* _Exercise directions_: Please copy every line of the data in which the string "Prop" appears.

─── Dataset ───

Lemma lex_bool_strict_fst b c i k : strict le i k -> strict lex_bool (i, b) (k, c).
Proof. by move=> ik; split; [left | case=> ki _; case: ik]. Qed.

Hypothesis wo : well_order le.

Lemma lex_bool_well_order : well_order lex_bool.
Proof.
have lt_irr i : ~ strict le i i by case.
have lt_asym i k : strict le i k -> ~ strict le k i.
  by move=> ik ki; apply: (lt_irr i); exact: (strict_trans wo ik ki).
split; first by move=> [i b]; right; split=> //; apply: implybb.
split.
  move=> [i b] [k c] [ik|[/= <- bc]] [ki|[/= ki cb]] //=.
  - by case: (lt_asym _ _ ik ki).
  - by rewrite ki in ik; case: (lt_irr _ ik).
  - by case: (lt_irr _ ki).
  - by case: b c bc cb => [] [].
split.
  move=> [i b] [k c] [m d] [ik|[/= <- bc]] [km|[/= <- cd]]; rewrite /lex_bool /=.
  - by left; exact: (strict_trans wo ik km).
  - by left.
  - by left.
  - by right; split=> //; case: b c d bc cd => [] [] [].
split.
  move=> [i b] [k c]; rewrite /lex_bool /=.
  case: (strict_or_le wo i k) => [|/(le_eqVstrict)[ki|ki]]; [by left; left| |by right; left].
  by rewrite ki; case: b c => [] []; auto.
move=> P [[i0 b0] P0].
have [|m [[bm Pm] min_m]] := wo_least wo (fun i => exists b, P (i, b)).
  by exists i0, b0.
have least_at b : P (m, b) -> (forall c, P (m, c) -> b ==> c) ->
    exists x, P x /\ forall y, P y -> lex_bool x y.
  move=> Pmb bmin; exists (m, b); split=> // [[k c]] Pkc; rewrite /lex_bool /=.
  case: (le_eqVstrict (min_m k (ex_intro _ c Pkc))) => [mk|]; last by left.
  by rewrite -mk in Pkc *; right; split=> //; apply: bmin.
case: (EM (P (m, false))) => [Pmf|nPmf]; first by apply: (least_at false).
case: bm Pm => // Pm; apply: (least_at true) => // [[]] // /nPmf.
Qed.

End Lexicographic.

Lemma exists_well_order (T : Type) : exists le : T -> T -> Prop, well_order le.
Proof.
have [R woR] := wochoice.well_ordering_principle {classic T}.
have least (P : T -> Prop) : (exists x, P x) -> exists m, P m /\ forall y, P y -> R m y.
  move=> [x Px]; have [|m [[/asboolP Pm min_m] _]] := woR [pred y | `[< P y >]].
    by exists x; apply/asboolP.
  by exists m; split=> // y Py; apply: min_m; apply/asboolP.
have least2 x y : exists m, (m = x \/ m = y) /\ R m x /\ R m y.
  have [m [mxy min_m]] := least (fun m => m = x \/ m = y) (ex_intro _ x (or_introl erefl)).
  by exists m; split=> //; split; apply: min_m; auto.
have Rrefl x : R x x by have [m [[]->[]]] := least2 x x.
have Rantisym x y : R x y -> R y x -> x = y.
  move=> Rxy Ryx; have [|m [_ uniq]] := woR [pred z | (z == x) || (z == y)].
    by exists x; rewrite inE eqxx.
  have minimum z : z = x \/ z = y -> wochoice.minimum_of R [pred z | (z == x) || (z == y)] z.
    by case=> ->; split=> [|w /orP[] /eqP->]; rewrite ?inE ?eqxx ?orbT.
  by rewrite -(uniq _ (minimum x (or_introl erefl))) (uniq _ (minimum y (or_intror erefl))).
exists (fun x y => R x y); split=> //; split=> //; split.
  move=> x y z Rxy Ryz.
  have [m [m_xyz min_m]] :=
    least (fun m => m = x \/ m = y \/ m = z) (ex_intro _ x (or_introl erefl)).
  have [Rmx [Rmy Rmz]] : R m x /\ R m y /\ R m z by split; [|split]; apply: min_m; auto.
  case: m_xyz Rmx Rmy Rmz => [|[|]] -> // Ryx.
    by move=> _; rewrite (Rantisym _ _ Rxy Ryx).
  by move=> Rzy; rewrite (Rantisym _ _ Ryz Rzy) in Rxy.
split=> [x y|]; last exact: least.
by have [m [[]-> [? ?]]] := least2 x y; auto.
Qed.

───

* _Response box_:
Lemma exists_well_order (T : Type) : exists le : T -> T -> Prop, well_order le.
have least (P : T -> Prop) : (exists x, P x) -> exists m, P m /\ forall y, P y -> R m y.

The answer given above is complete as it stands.